Вот так. Мне не довелось узнать, как повернулась жизнь Саркиса Сумбуляна в Лондоне. Или где-то еще. А может, он умер.


11

Я часто воспевал свою любовь к Битлису, потому что это город моего народа, затерявшийся в горах, там живет в каком-то смысле особая нация. Вообще-то Битлис населяют люди трех национальностей, и они испытывают друг к другу даже большую привязанность, чем к собственным соплеменникам в других городах: это армяне, курды, турки.

На первом месте я поставил армян, потому что Битлис – часть древней Армении. На второе – курдов, потому что

Битлис географически принадлежит им. И на последнее я поставил турок – они самыми последними пришли сюда.

И вот когда большинство битлисских армян поняли, что в этом городе в лучшем случае их ждет судьба героев и им не избежать насильственной смерти, они крепко призадумались; надо было решать, что делать – остаться и умереть на своей земле или же переселиться в Америку и там жить до глубокой старости. Многие выбрали второе и поехали в Америку: в Нью-Йорк, Род-Айленд, Массачусетс, Иллинойс, Мичиган, а больше всего – в Калифорнию, впрочем, армяне осели во всех частях Америки и, безусловно, во всех частях света.

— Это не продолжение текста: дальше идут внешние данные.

(* Let $m \geq 0$, $n \geq 1$ be integers. For a sorted configuration $c = (c^t; c^b)$ on $K_{m,n}^0$, let $k = (k_1,\ldots,k_n)$ with $k_j := |\{ i \in \{1,\ldots,m\} : c^t_i < j\}|$, and define $\Psi(c) := \big(F(k), F(c^b)\big)$. Then $\Psi$ is a bijection from the set of sorted stochastically recurrent configurations on $K_{m,n}^0$ to the set of compatible pairs $(F, F')$ with $F \in \mathrm{Ferrers}_{m,n}$ and $F' \in \mathrm{Ferrers}_{\leq m, n}$. Moreover, for such $c$, $\mathrm{level}(c) = \mathrm{Area}(F(c^b)) - \mathrm{Area}(F(k))$, and this is also the number of $\mathsf{Add}$ operations in any sequence of legal $\mathsf{Shift}$ and $\mathsf{Add}$ operations transforming $F(k)$ into $F(c^b)$.
   Context: $K_{m,n}^0$ is the complete bipartite graph with ''top'' vertices $v^t_0, v^t_1, \ldots, v^t_m$ and ''bottom'' vertices $v^b_1, \ldots, v^b_n$, with an edge between every top vertex and every bottom vertex; $v^t_0$ is the sink. A configuration is a vector $c = (c^t_1, \ldots, c^t_m; c^b_1, \ldots, c^b_n)$ of non-negative integers ($c^*_i$ = number of grains at $v^*_i$); it is sorted if $c^t$ and $c^b$ are both weakly increasing. $c$ is stable if $c^t_i < n$ for all $i$ and $c^b_j < m+1$ for all $j$. Stochastic sandpile model (SSM) with a fixed parameter $p \in (0,1)$: an unstable vertex topples as follows: for each of its neighbours (for a bottom vertex this includes the sink), independently (and independently of all previous topplings), with probability $p$ it sends one grain to that neighbour, and otherwise keeps it; grains sent to the sink disappear. Repeated toppling from any configuration reaches a random stable configuration whose law does not depend on toppling order. In the Markov chain on stable configurations which at each step adds a grain to a uniformly random non-sink vertex and stabilises by the SSM, a stable configuration is stochastically recurrent if it is a recurrent state (appears infinitely often). The level is $\mathrm{level}(c) := \sum_i c^t_i + \sum_j c^b_j - mn$. A Ferrers diagram with $n$ rows is a left-aligned collection of cells in $n$ rows (ordered bottom to top, rows may be empty) whose row lengths are weakly increasing from bottom to top; for a weakly increasing $s = (s_1,\ldots,s_n)$ of non-negative integers, $F(s)$ is the Ferrers diagram with $s_i$ cells in row $i$. Its number of columns is $s_n$. $\mathrm{Ferrers}_{m,n}$ (resp. $\mathrm{Ferrers}_{\leq m,n}$) is the set of Ferrers diagrams with $n$ rows and exactly $m$ (resp. at most $m$) columns. $\mathrm{Area}(F)$ is the number of cells. Operations on $F(s)$: $\mathsf{Shift}$ moves one cell from a row $p$ to a row $p' < p$ (i.e. $s_p \mapsto s_p - 1$, $s_{p'} \mapsto s_{p'} + 1$); $\mathsf{Add}$ adds a cell at the right of a row $p$ ($s_p \mapsto s_p + 1$). An operation is legal if the result is again a Ferrers diagram (the number of columns may change). An ordered pair $(F, F')$ is compatible if $F'$ can be obtained from $F$ by a finite sequence of legal $\mathsf{Shift}$ and $\mathsf{Add}$ operations. *)

From mathcomp Require Import all_boot all_order all_algebra.
Set Implicit Arguments. Unset Strict Implicit. Unset Printing Implicit Defensive.
Import GRing.Theory Num.Theory.
Lemma touching_barrier_absurd (R : realType)
    (k k' m m' A eta ut vt utt vtt uθθ vθθ : R) :
  0 < k -> 0 < m -> 0 < eta -> k' * m + k * m' = 0 ->
  ut = vt + A * m -> utt <= vtt + (A * m' - 2 * eta * m * m) -> uθθ <= vθθ ->
  k' * ut + k * utt + m * uθθ = 0 -> k' * vt + k * vtt + m * vθθ = 0 -> False.
Proof.
move=> k_gt0 m_gt0 eta_gt0 km'0 -> Dtt Dθθ Lu Lv.
have : k * (utt - vtt - (A * m' - 2 * eta * m * m)) <= 0 by rewrite pmulr_rle0 //; lra.
have : m * (uθθ - vθθ) <= 0 by rewrite pmulr_rle0 //; lra.
have : 0 < eta * (k * (m * m)) by rewrite !mulr_gt0.
(* the first-order terms cancel because [(k m)' = 0] *)
have : A * (k' * m + k * m') = 0 by rewrite km'0 mulr0.
nra.
Qed.

Section WarpedComparison.
Variable R : realType.
Variables k m phi : R -> R.
Hypothesis k_gt0 : forall t, 0 < t -> 0 < k t.
Hypothesis m_gt0 : forall t, 0 < t -> 0 < m t.
Hypothesis k_derivable : forall t, 0 < t -> derivable k t 1.
Hypothesis m_derivable : forall t, 0 < t -> derivable m t 1.
Hypothesis km1 : forall t, 0 < t -> k t * m t = 1.
Hypothesis phi_derivable : forall t, 0 <= t -> derivable phi t 1.
Hypothesis phi'E : forall t, 0 < t -> derive1 phi t = m t.

Lemma km_derive t : 0 < t -> derive1 k t * m t + k t * derive1 m t = 0.
Proof.
move=> t_gt0; rewrite -(derive1M (k_derivable t_gt0) (m_derivable t_gt0)).2.
apply: (derive1_near_cst (a := 1)); near=> s; apply: km1.
by near: s; exact: lt_nbhsr.
Unshelve. all: by end_near.
Qed.

(** A strict supersolution: [(k phi')' = (k m)' = 0] while [(k (phi^2)')' = 2 m > 0]. *)
Definition barrier (eps eta t : R) : R := eps * phi t - eta * (phi t * phi t).

Lemma barrier_derivable eps eta t : 0 <= t -> derivable (barrier eps eta) t 1.
Proof.
move=> t_ge0; have dphi := phi_derivable t_ge0.
exact: (derive1B (derive1Zl eps dphi).1 (derive1Zl eta (derive1M dphi dphi).1).1).1.
Qed.

Lemma barrier'E eps eta t : 0 < t ->
  derive1 (barrier eps eta) t = (eps - 2 * eta * phi t) * m t.
Proof.
move=> t_gt0; have dphi := phi_derivable (ltW t_gt0).
have [dphi2 e2] := derive1M dphi dphi.
rewrite (derive1B (derive1Zl eps dphi).1 (derive1Zl eta dphi2).1).2.
by rewrite (derive1Zl _ dphi).2 (derive1Zl _ dphi2).2 e2 phi'E //; ring.
Qed.

Lemma barrier''E eps eta t : 0 < t ->
  derivable (derive1 (barrier eps eta)) t 1 /\
  derive1 (derive1 (barrier eps eta)) t =
    (eps - 2 * eta * phi t) * derive1 m t - 2 * eta * m t * m t.
Proof.
move=> t_gt0; have dphi := phi_derivable (ltW t_gt0).
have B'E : \forall s \near t, (eps - 2 * eta * phi s) * m s = derive1 (barrier eps eta) s.
  by near=> s; rewrite barrier'E //; near: s; exact: lt_nbhsr.
have [dA A'E] := derive1B (derivable_cst eps t 1) (derive1Zl (2 * eta) dphi).1.
have [dAm Am'E] := derive1M dA (m_derivable t_gt0).
split; first exact: near_eq_derivable B'E dAm.
rewrite derive1E -(near_eq_derive _ B'E) -derive1E Am'E A'E derive1_cst.
by rewrite (derive1Zl _ dphi).2 phi'E // /cst; ring.
Unshelve. all: by end_near.
Qed.

Lemma barrier_no_interior_max (u v : R -> R -> R) (eps eta t0 b0 d : R) :
  0 < eta -> 0 < d -> d <= t0 -> C2_interior u -> C2_interior v ->
  warped_op k m u t0 b0 = 0 -> warped_op k m v t0 b0 = 0 ->
  (forall t b, `|t - t0| < d -> `|b - b0| < d ->
     u t b - v t b - barrier eps eta t <= u t0 b0 - v t0 b0 - barrier eps eta t0) ->
  False.
Proof.
move=> eta_gt0 d_gt0 d_le.
have t0_gt0 : 0 < t0 by apply: lt_le_trans d_le.
have near_gt0 t : `|t - t0| < d -> 0 < t by rewrite ltr_norml => /andP[? _]; lra.
have d0 (x : R) : `|x - x| < d by rewrite subrr normr0.
move=> [uder _ _ _ _] [vder _ _ _ _] Lu Lv wmax.
have [_ _ du11 _ [_ du22]] := uder t0 b0 t0_gt0.
have [_ _ dv11 _ [_ dv22]] := vder t0 b0 t0_gt0.
have [_ uvθθ] : pd2 u t0 b0 = pd2 v t0 b0 /\ pd2 (pd2 u) t0 b0 <= pd2 (pd2 v) t0 b0.
  apply: (derive1_local_max_sub d_gt0 _ _ du22 dv22) => [b _|b _|b bI].
  - by have [] := uder t0 b t0_gt0.
  - by have [] := vder t0 b t0_gt0.
  - by have := wmax _ _ (d0 t0) bI; rewrite lerD2r.
pose g s := v s b0 + barrier eps eta s.
have dg s : 0 < s -> derivable g s 1 /\ derive1 g s = pd1 v s b0 + derive1 (barrier eps eta) s.
  move=> s_gt0; have [dv _ _ _ _] := vder s b0 s_gt0.
  exact: derive1D dv (@barrier_derivable eps eta s (ltW s_gt0)).
have g'E : \forall s \near t0, pd1 v s b0 + derive1 (barrier eps eta) s = derive1 g s.
  near=> s; have s_gt0 : 0 < s by near: s; exact: lt_nbhsr.
  exact/esym/(dg s s_gt0).2.
have [dB' B''E] := barrier''E eps eta t0_gt0.
have [dvB' vB''E] := derive1D dv11 dB'.
have du s : `|s - t0| < d -> derivable (fun s => u s b0) s 1.
  by move=> /near_gt0 /(uder s b0) [].
have ugmax s : `|s - t0| < d -> u s b0 - g s <= u t0 b0 - g t0.
  by move=> sI; rewrite /g !(opprD (v _ b0)) !addrA; exact: wmax.
have [ut utt] := derive1_local_max_sub d_gt0 du
  (fun s sI => (dg s (near_gt0 s sI)).1) du11 (near_eq_derivable g'E dvB')
  ugmax.
rewrite (dg t0 t0_gt0).2 barrier'E // in ut.
rewrite !derive1E -(near_eq_derive _ g'E) -!derive1E vB''E B''E in utt.
rewrite /warped_op in Lu Lv.
exact: (touching_barrier_absurd (k_gt0 t0_gt0) (m_gt0 t0_gt0) eta_gt0 (km_derive t0_gt0)
  ut utt uvθθ Lu Lv).
Unshelve. all: by end_near.
Qed.

Hypothesis phi0 : phi 0 = 0.
Hypothesis phi_nondecr : forall t s, 0 <= t -> t <= s -> phi t <= phi s.
Hypothesis phi_unbounded : forall B, exists T, 0 <= T /\ B <= phi T.

Lemma barrier_max_le0 (u v : R -> R -> R) (eps eta T th1 t0 b0 : R) :
  0 < eta -> C2_interior u -> C2_interior v ->
  (forall t th, 0 < t -> warped_op k m u t th = 0) ->
  (forall t th, 0 < t -> warped_op k m v t th = 0) ->
  (forall th, u 0 th = v 0 th) ->
  (forall th, u T th - v T th - barrier eps eta T <= 0) ->
  0 <= t0 <= T -> th1 - 2 * pi < b0 < th1 + 2 * pi ->
  (forall t b, 0 <= t <= T -> th1 - 2 * pi <= b <= th1 + 2 * pi ->
     u t b - v t b - barrier eps eta t <= u t0 b0 - v t0 b0 - barrier eps eta t0) ->
  u t0 b0 - v t0 b0 - barrier eps eta t0 <= 0.
Proof.
move=> eta_gt0 uC2 vC2 uL vL uv0 uvT /andP[t0_ge0 t0_le] /andP[b0_gt b0_lt] wmax.
have [->|t0_neq0] := eqVneq t0 0; first by rewrite /barrier uv0 phi0 subrr !mulr0 subr0.
have [->|t0_neqT] := eqVneq t0 T; first exact: uvT.
have t0_gt0 : 0 < t0 by rewrite lt_neqAle eq_sym t0_neq0.
have t0_lt : t0 < T by rewrite lt_neqAle t0_neqT.
pose d := Num.min (Num.min t0 (T - t0)) (Num.min (b0 - (th1 - 2 * pi)) (th1 + 2 * pi - b0)).
have [d_t0 d_T d_lo d_hi] :
    [/\ d <= t0, d <= T - t0, d <= b0 - (th1 - 2 * pi) & d <= th1 + 2 * pi - b0].
  by rewrite /d !ge_min !lexx !orbT.
have d_gt0 : 0 < d by rewrite /d !lt_min !subr_gt0 t0_gt0 t0_lt b0_gt b0_lt.
exfalso; apply: (barrier_no_interior_max eta_gt0 d_gt0 d_t0 uC2 vC2 (uL _ _ t0_gt0)
  (vL _ _ t0_gt0)).
move=> t b; rewrite !ltr_norml => /andP[? ?] /andP[? ?].
by apply: wmax; apply/andP; split; lra.
Qed.
(* Let $\Lambda>0$, $e>0$, $\phi_h>0$, and let $f:[0,\phi_h]\to(0,1]$ be strictly concave, strictly decreasing and differentiable with $f(0)=1$. Assume $2e/\Lambda\in f([0,\phi_h])$ and set $\underline{\phi}:=f^{-1}(2e/\Lambda)$, and let $\phi_{fp}:=\arg\max_{\phi\in[0,\phi_h]} f(\phi)\phi$. Define the limit matching revenue $$\tilde{\mathcal M}(\phi)=\begin{cases} e\phi & \text{if } \frac{e}{(\Lambda/2) f(\phi)}<1,\\ \frac{\Lambda}{2}f(\phi)\phi & \text{otherwise,}\end{cases}\qquad \phi\in[0,\phi_h].$$ Then $\tilde{\mathcal M}$ has a unique maximizer on $[0,\phi_h]$, given by $\phi^*=\max\{\phi_{fp},\underline{\phi}\}$. Moreover, for $\beta>0$ let $$\mathcal M(\phi;\beta)=\frac{\Lambda}{2}f(\phi)\phi\,\bigl(1-\mathcal D(\phi;\beta)\bigr),\qquad \mathcal D(\phi;\beta)=\Bigl(\sum_{n=0}^\infty \frac{e^n}{\prod_{a=1}^n\bigl(\frac{\Lambda}{2}f(\phi)+a\beta\bigr)}\Bigr)^{-1};$$ then for any sequence $\beta_n\downarrow 0$ and any choice of maximizers $\phi_n^*\in\arg\max_{\phi\in[0,\phi_h]}\mathcal M(\phi;\beta_n)$, there is a subsequence of $(\phi_n^* )$ converging to $\phi^*$.
   Context: Model (monopoly): a single ride-hailing platform receives passengers as a Poisson process of rate $\Lambda/2$. Drivers arrive as a Poisson process of rate $\eta$ and wait in an FCFS queue. When a passenger arrives and at least one driver waits, the passenger is quoted the static price $\phi\in[0,\phi_h]$ and accepts with probability $f(\phi)$ (then immediately starting a ride with the head-of-line driver); otherwise the passenger is lost. Each waiting driver abandons independently after an exponential time of rate $\beta$; rides and post-abandonment breaks last exponential times of rate $\nu$, after which the driver rejoins the waiting queue with probability $p\in[0,1)$ and leaves otherwise. Here $e=\eta/(1-p)$. $\mathcal D(\phi;\beta)$ is the stationary probability that no driver is waiting and $\mathcal M(\phi;\beta)$ is the long-run rate of revenue (sum of accepted prices per unit time). $\tilde{\mathcal M}$ is the limit of $\mathcal M(\cdot;\beta)$ as $\beta\to 0$. *)

From Stdlib Require Import Reals Lra.
From Coquelicot Require Import Coquelicot.
Open Scope R_scope.
(* Let $V$ be a grading-restricted vertex algebra, $W$ a $V$-module, $n\in\mathbb Z_+$, and let $\Phi:V^{\otimes n}\to\widetilde W_{z_1,\dots,z_n}$ be a linear map having the $L(-1)$-derivative property. Then: (a) for $v_1,\dots,v_n\in V$, $w'\in W'$, $(z_1,\dots,z_n)\in F_n\mathbb C$ and $z\in\mathbb C$, $$\langle w',e^{zL_W(-1)}\Phi(v_1\otimes\cdots\otimes v_n)(z_1,\dots,z_n)\rangle=\langle w',\Phi(v_1\otimes\cdots\otimes v_n)(z_1+z,\dots,z_n+z)\rangle;$$ (b) for $v_1,\dots,v_n\in V$, $w'\in W'$, $(z_1,\dots,z_n)\in F_n\mathbb C$, $1\le i\le n$ and $z\in\mathbb C$ with $(z_1,\dots,z_{i-1},z_i+z,z_{i+1},\dots,z_n)\in F_n\mathbb C$, the power series expansion in $z$ of $\langle w',\Phi(v_1\otimes\cdots\otimes v_n)(z_1,\dots,z_{i-1},z_i+z,z_{i+1},\dots,z_n)\rangle$ equals the power series $\langle w',\Phi(v_1\otimes\cdots\otimes v_{i-1}\otimes e^{zL_V(-1)}v_i\otimes v_{i+1}\otimes\cdots\otimes v_n)(z_1,\dots,z_n)\rangle$ in $z$; in particular the latter power series converges absolutely to the former function in the disk $|z|<\min_{j\neq k}|z_j-z_k|$.
   Context: $V$ is a grading-restricted vertex algebra over $\mathbb C$ with vertex operator map $Y_V$, vacuum $\mathbf 1$ and operator $L_V(-1)$ ($L_V(-1)u$ is the coefficient of $x$ in $Y_V(u,x)\mathbf 1$). $W=\coprod_{n\in\mathbb C}W_{(n)}$ is a grading-restricted generalized $V$-module ($W_{(n)}=0$ for $\mathrm{Re}\,n$ sufficiently negative) with vertex operator map $Y_W$ and operators $L_W(0)$, $L_W(-1)$, where $L_W(-1)$ raises weights by $1$. $W'=\coprod_nW_{(n)}^*$, $\overline W=\prod_nW_{(n)}$, $\langle\cdot,\cdot\rangle$ the pairing; $e^{zL_W(-1)}$ is a well-defined operator on $\overline W$. $F_n\mathbb C=\{(z_1,\dots,z_n)\in\mathbb C^n:z_i\ne z_j\ (i\ne j)\}$. $\widetilde W_{z_1,\dots,z_n}$ is the space of maps $f:F_n\mathbb C\to\overline W$ such that $\langle w',f(z_1,\dots,z_n)\rangle$ is a rational function with only possible poles at $z_i=z_j$ ($i\ne j$) for every $w'\in W'$. A linear map $\Phi:V^{\otimes n}\to\widetilde W_{z_1,\dots,z_n}$ has the $L(-1)$-derivative property if (i) $\frac{\partial}{\partial z_i}\langle w',\Phi(v_1\otimes\cdots\otimes v_n)(z_1,\dots,z_n)\rangle=\langle w',\Phi(v_1\otimes\cdots\otimes v_{i-1}\otimes L_V(-1)v_i\otimes v_{i+1}\otimes\cdots\otimes v_n)(z_1,\dots,z_n)\rangle$ for all $i$, $v_j\in V$, $w'\in W'$, and (ii) $\big(\sum_{i=1}^n\frac{\partial}{\partial z_i}\big)\langle w',\Phi(v_1\otimes\cdots\otimes v_n)(z_1,\dots,z_n)\rangle=\langle w',L_W(-1)\Phi(v_1\otimes\cdots\otimes v_n)(z_1,\dots,z_n)\rangle$. *)

From Stdlib Require Import Reals ZArith List Arith.
From Stdlib Require Import ClassicalEpsilon.
From Coquelicot Require Import Coquelicot.
Lemma K2_component (T : finType) (e : rel T) u w : simple_graph e -> e u w ->
  deg e u = 1 -> deg e w = 1 -> #|[set y | connect e u y]| = 2.
Proof.
move=> [e_sym e_irr] uw du dw.
have closed x z : x \in [set u; w] -> e x z -> z \in [set u; w].
  rewrite !inE => /orP[] /eqP -> xz; first by rewrite (deg1_nbr du uw xz) eqxx orbT.
  by rewrite (deg1_nbr dw (_ : e w u) xz) ?eqxx // e_sym.
have -> : [set y | connect e u y] = [set u; w].
  apply/setP => y; rewrite inE; apply/idP/idP; last first.
    by rewrite !inE => /orP[] /eqP ->; [exact: connect0 | exact: connect1].
  have path_closed s x : x \in [set u; w] -> path e x s -> last x s \in [set u; w].
    elim: s x => //= z s IH x xuw /andP[xz zs]; exact: IH (closed x z xuw xz) zs.
  by case/connectP => s us ->; apply: path_closed us; rewrite setU11.
by rewrite cards2; case: eqP => // uw'; rewrite uw' e_irr in uw.
Qed.

Lemma nice_nsd (T : finType) (e : rel T) c : simple_graph e -> nice e -> weak_nsd e c -> nsd e c.
Proof.
move=> e_simple e_nice weak u w uw; apply: weak => //.
have [e_sym _] := e_simple.
have deg_gt0 a b : e a b -> 0 < deg e a by move=> ab; apply/card_gt0P; exists b; rewrite inE.
case: (leqP (deg e u) 1) => du //=; case: (leqP (deg e w) 1) => dw //=.
have du1 : deg e u = 1 by have := deg_gt0 _ _ uw; lia.
have dw1 : deg e w = 1 by have := deg_gt0 w u (_ : e w u); rewrite e_sym; lia.
by have := e_nice u; rewrite (K2_component e_simple uw du1 dw1).
Qed.

Theorem mainTheorem7 (T : finType) (e : rel T) :
  simple_graph e -> nice e ->
  qm_nsd_colorable e (ceil_div (3 * max_deg e + 4) 2).
Proof.
move=> e_simple e_nice; have [e_sym e_irr] := e_simple.
set k := ceil_div (3 * max_deg e + 4) 2.
have k_large : 3 * max_deg e + 4 <= 2 * k by rewrite /k /ceil_div; lia.
have [c hc] := weak_qm_nsd_induced e_sym e_irr k_large setT.
have [col qm weak] := weak_qm_nsd_eq2 (induced_setT e) hc.
by exists c; split => //; exact: nice_nsd.
Qed.
Lemma ler_powRV (a b : R) : 0 <= a -> 0 <= b -> (a `^ g^-1 <= b) = (a <= b `^ g).
Proof.
move=> a0 b0; apply/idP/idP => ab.
  have := ge0_ler_powR (ltW g_gt0) (powR_ge0 a _) b0 ab.
  by rewrite -powRrM mulVf ?gt_eqF // powRr1.
have := ge0_ler_powR gV_ge0 a0 (powR_ge0 b _) ab.
by rewrite -powRrM mulfV ?gt_eqF // powRr1.
Qed.

Lemma ger_powRV (a b : R) : 0 <= a -> 0 <= b -> (b <= a `^ g^-1) = (b `^ g <= a).
Proof.
move=> a0 b0; apply/idP/idP => ba.
  have := ge0_ler_powR (ltW g_gt0) b0 (powR_ge0 a _) ba.
  by rewrite -powRrM mulVf ?gt_eqF // powRr1.
have := ge0_ler_powR gV_ge0 (powR_ge0 b _) a0 ba.
by rewrite -powRrM mulfV ?gt_eqF // powRr1.
Qed.

End PowRInverse.

Section AGGTail.
Variables (R : realType) (gamma : R) (Psi : R -> R).
Hypothesis gamma_gt0 : 0 < gamma.
Hypothesis Psi_ge0 : forall x, 0 <= Psi x.
Hypothesis Psi_AGG : AGG_right gamma Psi.

Lemma AGG_ln_bounds (e : R) : 0 < e -> \forall x \near +oo,
  - (gamma^-1 + e) * x `^ gamma <= ln (Psi x) <= - (gamma^-1 - e) * x `^ gamma.
Proof.
move=> e0; have /cvgrPdist_le /(_ e e0) near_e := Psi_AGG.
near=> x.
have x0 : 0 < x by near: x; exact: nbhs_pinfty_gt.
have : `|- gamma^-1 - x `^ (- gamma) * ln (Psi x)| <= e by near: x; exact: near_e.
have xg : 0 < x `^ gamma by exact: powR_gt0.
rewrite ler_norml powRN mulrC => /andP[lo hi].
apply/andP; split; [rewrite -ler_pdivlMr // | rewrite -ler_pdivrMr //]; lra.
Unshelve. all: by end_near.
Qed.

Вспомним немаловажный факт – в 1915 году во всем мире едва насчитывалось три миллиона армян, включая людей с половинкой или четвертью армянской крови, как принято по армянскому счету. Им и в голову не приходит, что наполовину англичанин, немец, русский, ассириец, грек, француз, итальянец, ирландец, испанец, португалец или американец может не считать себя армянином.

Могу только сказать, воспевая свой Битлис, я был беспомощен, и это, похоже, правда.

Любого встречного во Фресно, показавшегося мне незаурядной личностью, я тотчас спрашивал, откуда он родом, откуда родом его родители, и почти всегда слышал в ответ: «Мы из Битлиса».

Мне это было приятно, и я думал: «Тоже из нашей семьи».

Одним из самых выдающихся людей Фресно в двадцатые, тридцатые и сороковые годы нашего столетия был огромный плотный мужчина с крупным, открытым, улыбающимся лицом, он улыбался не только глазами и ртом – все лицо его сияло улыбкой, и звали его Арам Джозеф, значит, по-армянски его звали Арам Овсепян.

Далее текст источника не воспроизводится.